I know that, Identical Functions (Equal Functions) are those functions which have the same domain and give the same output for every input value. These functions have the same graph.
For example,
The functions $f(x)=x^3/x$ and $g(x)=x^4/x^2$ have the same domain (set of non-zero real numbers), and give the same output for every input value. These are identical functions (equal functions) and generate the same graph. On the other hand, the function $h(x)=x^2$ is not identical to the functions $f$ and $g$, as the domain of $h$ (set of real numbers) is different from that of $f$ and $g$ (set of non-zero real numbers). The only difference in the graphs of $h$ and $f$(or $g$) is at the point $x=0$.
Now coming to my doubt,
Can two different functions have the same graph? Or in other words, if the graphs of two different functions are exactly same, can we conclude that the two functions are identical (equal) ? If not please give some examples where two different functions generate the same graph.
Best Answer
No, Same graph $:=$ Same function. But there's a distinction about functions as rules rather than as graphs, which I think is what's leading to your confusion...

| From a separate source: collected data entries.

(* The product projectors Pi_t = Pi_{t 0} (x) ... (x) Pi_{t (m-1)}, indexed by
   labels t : 'I_m -> 'I_K, are mutually orthogonal and resolve the identity of
   H^{(x)m}, so a density rho induces a probability distribution
   w t = Tr (Pi_t rho) on labels.  Both Pi_j^{(k)} = sum_{t k = j} Pi_t and
   Pi_sym = sum_{t constant} Pi_t are sums of product projectors, and the sigmaSMC
   identity for (k, l, j) says exactly that w vanishes on the labels with
   t l = j <> t k.  Hence sigmaSMC holds iff w is carried by the constant labels,
   i.e. iff Tr (Pi_sym rho) = 1.  For the second equivalence, Tr ((1 - E) rho) = 0
   for an orthogonal projector E and a positive rho forces (1 - E) rho = 0 and
   rho (1 - E) = 0. *)

From HB Require Import structures.
From mathcomp Require Import all_boot all_order all_algebra ring.
Import Order.TTheory GRing.Theory Num.Theory.
Local Open Scope ring_scope.
Set Implicit Arguments. Unset Strict Implicit. Unset Printing Implicit Defensive.

Section Adjoint.
Variable C : numClosedFieldType.

Lemma adjmxE p q (A : 'M[C]_(p, q)) i j : adjmx A i j = (A j i)^*.
Proof. by rewrite !mxE. Qed.

Lemma adjmxK p q (A : 'M[C]_(p, q)) : adjmx (adjmx A) = A.
Proof. by apply/matrixP=> i j; rewrite !adjmxE conjCK. Qed.
Lemma curve_config_in_param_image (x : 'I_(n * 3) -> K) (phi : Defs.pmap K deg)
    (t : 'I_n -> K * K) :
  is_morphism phi -> (forall i, nzv (t i)) ->
  (forall i, peq3 (peval phi (t i)) (config_point x i)) ->
  x (mxvec_index o0 j0) != x (mxvec_index o1 j0) ->
  (forall i, i != o2 -> x (mxvec_index i j0) != x (mxvec_index o2 j0)) ->
  exists pv : params -> K, forall i j,
    (coord_den i j).@[param_eval pv] != 0 /\
    x (mxvec_index i j) =
      (coord_num i j).@[param_eval pv] / (coord_den i j).@[param_eval pv].
Proof.
move=> mor_phi nz_t on_phi ne01 ne_2.
have coord i j : heval (phi j).2 (t i) != 0 /\
    x (mxvec_index i j) = heval (phi j).1 (t i) / heval (phi j).2 (t i).
  exact: affine_coord (mor_phi j _ (nz_t i)) (on_phi i j).
have det_t i i' : x (mxvec_index i j0) != x (mxvec_index i' j0) -> det (t i) (t i') != 0.
  by rewrite !(coord _ j0).2; apply: det_neq0_heval_ratio; rewrite ?(coord _ _).1.
have [c1 [c2 frame]] :=
  frame_points (det_t _ _ ne01) (fun i ne => det_t _ _ (ne_2 i ne)).
pose s i := frame_coord c1 c2 (t i).
have nz_c2 j : heval (phi j).2 c2 != 0.
  have [k nz_k] := frame o0; rewrite /std_point /= lincomb01 => ->.
  by rewrite heval_pscale mulf_neq0 ?expf_neq0 ?(coord o0 j).1.
have [v1 pull1] := normalized_pullback (phi j1).1 c1 (nz_c2 j1).
have [v2 pull2] := normalized_pullback (phi j2).1 c1 (nz_c2 j2).
pose pv (q : params) := match q with
  | inl (inl i) => x (mxvec_index i j0)
  | inl (inr i) => s (val i)
  | inr (inl q) => v1 q
  | inr (inr q) => v2 q end.
have pv_s q : pv (inl (inr q)) = s (val q) by [].
exists pv => i j; have [k nz_k eq_k] := frame i.
rewrite /coord_num /coord_den; have [->|ne_j0] := eqVneq j j0.
  by rewrite var_eval meval1 divr1; split => //; exact: oner_neq0.
have [->|ne_j1] := eqVneq j j1.
  have [-> ->] := form_vars_eval (fun q => inr (inl q)) i pv_s.
  have [nz_den ratio] := pull1 _ _ _ nz_k eq_k (coord i j1).1.
  by rewrite (coord i j1).2 -ratio.
have j_eq : j = j2 by move: (j_cover j); rewrite (negbTE ne_j0) (negbTE ne_j1) => /eqP.
rewrite j_eq.
have [-> ->] := form_vars_eval (fun q => inr (inr q)) i pv_s.
have [nz_den ratio] := pull2 _ _ _ nz_k eq_k (coord i j2).1.
by rewrite (coord i j2).2 -ratio.
Qed.

Lemma generic_config_no_curve :
  exists2 g : {mpoly K[n * 3]}, g != 0 & forall x, g.@[x] != 0 -> no_curve_through deg x.
Proof.
pose P k := coord_num (mxvec_unindex k).1 (mxvec_unindex k).2.
pose Q k := coord_den (mxvec_unindex k).1 (mxvec_unindex k).2.
have [G nz_G G_rel] :=
  algebraic_dependence (P := P) (Q := Q) nparams_lt (fun k => tdeg_coord _ _).
pose X i : {mpoly K[n * 3]} := 'X_(mxvec_index i j0).
have nz_XB i i' : i != i' -> X i - X i' != 0.
  by move=> ne_ii'; apply: mpolyXB_neq0; apply: contra_neq ne_ii' => /mxvec_indexl_inj.
(* The difference factors exclude the configurations that [frame_points]
   cannot normalize. *)
exists (G * ((X o0 - X o1) * \prod_(i | i != o2) (X i - X o2))).
  by rewrite !mulf_neq0 ?nz_XB //; apply/prodf_neq0 => i; apply: nz_XB.
have XB_eval x i i' :
    ((X i - X i').@[x] != 0) = (x (mxvec_index i j0) != x (mxvec_index i' j0)).
  by rewrite mevalB !mevalXU subr_eq0.
move=> x; rewrite !mevalM !mulf_eq0 !negb_or XB_eval rmorph_prod.
move=> /and3P[nz_Gx ne01 /prodf_neq0 ne_2] phi mor_phi /fin_all_exists[t on_t].
have [|pv pv_x] :=
  curve_config_in_param_image mor_phi (fun i => (on_t i).1) (fun i => (on_t i).2) ne01.
  by move=> i /ne_2; rewrite XB_eval.
suff x_eq : x =1 (fun k => (P k).@[param_eval pv] / (Q k).@[param_eval pv]).
  move: nz_Gx; rewrite (meval_eq _ x_eq) G_rel ?eqxx // => k.
  by case: (mxvec_indexP k) => i j; rewrite /Q mxvec_indexK; exact: (pv_x i j).1.
move=> k; case: (mxvec_indexP k) => i j.
by rewrite /P /Q mxvec_indexK; exact: (pv_x i j).2.
Qed.

End Parametrization.

Lemma heval_deg0 (K : fieldType) d (f : 'I_d.+1 -> K) t : d = 0%N -> heval f t = f ord0.
Proof. by move=> d0; subst d; rewrite /heval big_ord1 !expr0 !mulr1. Qed.

Lemma generic_config_no_curve_const (K : fieldType) (deg : 'I_3 -> nat) n j :
  (1 < n)%N -> deg j = 0%N ->
  exists2 g : {mpoly K[n * 3]}, g != 0 & forall x, g.@[x] != 0 -> no_curve_through deg x.
Proof.
move=> n_gt1 deg_j; pose i0 : 'I_n := Ordinal (ltnW n_gt1); pose i1 : 'I_n := Ordinal n_gt1.
exists ('X_(mxvec_index i0 j) - 'X_(mxvec_index i1 j)).
  by apply: mpolyXB_neq0; apply: contra_neq (isT : i0 != i1) => /mxvec_indexl_inj.
move=> x; rewrite mevalB !mevalXU subr_eq0 => ne_x phi mor_phi on_phi.
have const i : x (mxvec_index i j) = (phi j).1 ord0 / (phi j).2 ord0.
  have [t [nz_t on_t]] := on_phi i.
  by have [_ ->] := affine_coord (mor_phi j t nz_t) (on_t j); rewrite !heval_deg0.
by move: ne_x; rewrite !const eqxx.
Qed.

Lemma generic_config_no_curve_dominant (K : fieldType) (deg : 'I_3 -> nat) n
    (j0 j1 j2 : 'I_3) :
  (forall j, [|| j == j0, j == j1 | j == j2]) -> (deg j1 + deg j2 <= deg j0)%N ->
  (deg j0 + deg j1 + deg j2 = n)%N -> (1 < n)%N ->
  exists2 g : {mpoly K[n * 3]}, g != 0 & forall x, g.@[x] != 0 -> no_curve_through deg x.
Proof.
move=> cover le_deg sum_deg n_gt1; have [n_gt2|n_le2] := ltnP 2 n.
  by apply: generic_config_no_curve cover n_gt2 _; lia.
have [deg_j1|nz_deg_j1] := eqVneq (deg j1) 0%N.
  exact: generic_config_no_curve_const n_gt1 deg_j1.
have deg_j2 : deg j2 = 0%N by lia.
exact: generic_config_no_curve_const n_gt1 deg_j2.
Qed.

Lemma curve_count0 (K : fieldType) (deg : 'I_3 -> nat) n (pts : 'I_n -> pt3 K) :
  (forall phi : Defs.pmap K deg, is_morphism phi -> ~ (forall i, passes phi (pts i))) ->
  curve_count deg pts 0.
Proof.
move=> no_curve; have cs : 'I_0 -> Defs.pmap K deg by case.
exists cs; split; first by case.
by split => [[]|phi [mor_phi _] /(no_curve _ mor_phi)].
Qed.

Lemma class3_dominant a b c : (b + c <= a \/ c + a <= b \/ a + b <= c)%N ->
  exists j0 j1 j2 : 'I_3, [/\ forall j, [|| j == j0, j == j1 | j == j2],
    (class3 a b c j1 + class3 a b c j2 <= class3 a b c j0)%N
    & (class3 a b c j0 + class3 a b c j1 + class3 a b c j2 = a + b + c)%N].
Proof.
have cover (j0 j1 j2 : 'I_3) : [&& j0 != j1, j0 != j2 & j1 != j2] ->
    forall j, [|| j == j0, j == j1 | j == j2].
  by case: j0 j1 j2 => -[|[|[|?]]] ? [[|[|[|?]]] ?] [[|[|[|?]]] ?] // _ [[|[|[|?]]] ?].
case=> [le|[le|le]].
- exists (@Ordinal 3 0 isT), (@Ordinal 3 1 isT), (@Ordinal 3 2 isT).
  by split; [exact: cover | rewrite /class3 /=; lia..].
- exists (@Ordinal 3 1 isT), (@Ordinal 3 2 isT), (@Ordinal 3 0 isT).
  by split; [exact: cover | rewrite /class3 /=; lia..].
- exists (@Ordinal 3 2 isT), (@Ordinal 3 0 isT), (@Ordinal 3 1 isT).
  by split; [exact: cover | rewrite /class3 /=; lia..].
Qed.

Local Close Scope ring_scope.

Theorem mainTheorem6 (a b c : nat) :
  (1 < a + b + c)%N ->
  ((b + c <= a)%N \/ (c + a <= b)%N \/ (a + b <= c)%N) ->
  GW_P1cube_is a b c 0.
Proof.
move=> n_gt1 /class3_dominant[j0 [j1 [j2 [cover le_deg sum_deg]]]].
have [g nz_g no_curve] :=
  generic_config_no_curve_dominant CC cover le_deg sum_deg n_gt1.
by exists g; split => // x /no_curve; apply: curve_count0.
Qed.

Functions as rules refers to the procedure used to go from an argument to a value, and this is the older notion of "function". That functions can also be considered as graphs, i.e., as sets of $(argument,value)$ pairs, is a later idea usually attributed to Dirichlet.
So your $x^3/x$ versus $x^4/x^2$ just illustrates two different procedures leading to the same graph. And then $x^2$ is yet another different procedure, whose graph moreover contains a $(0,0)$ element that the first two presumably don't. So it's indeed a (slightly) different function either way you look at it.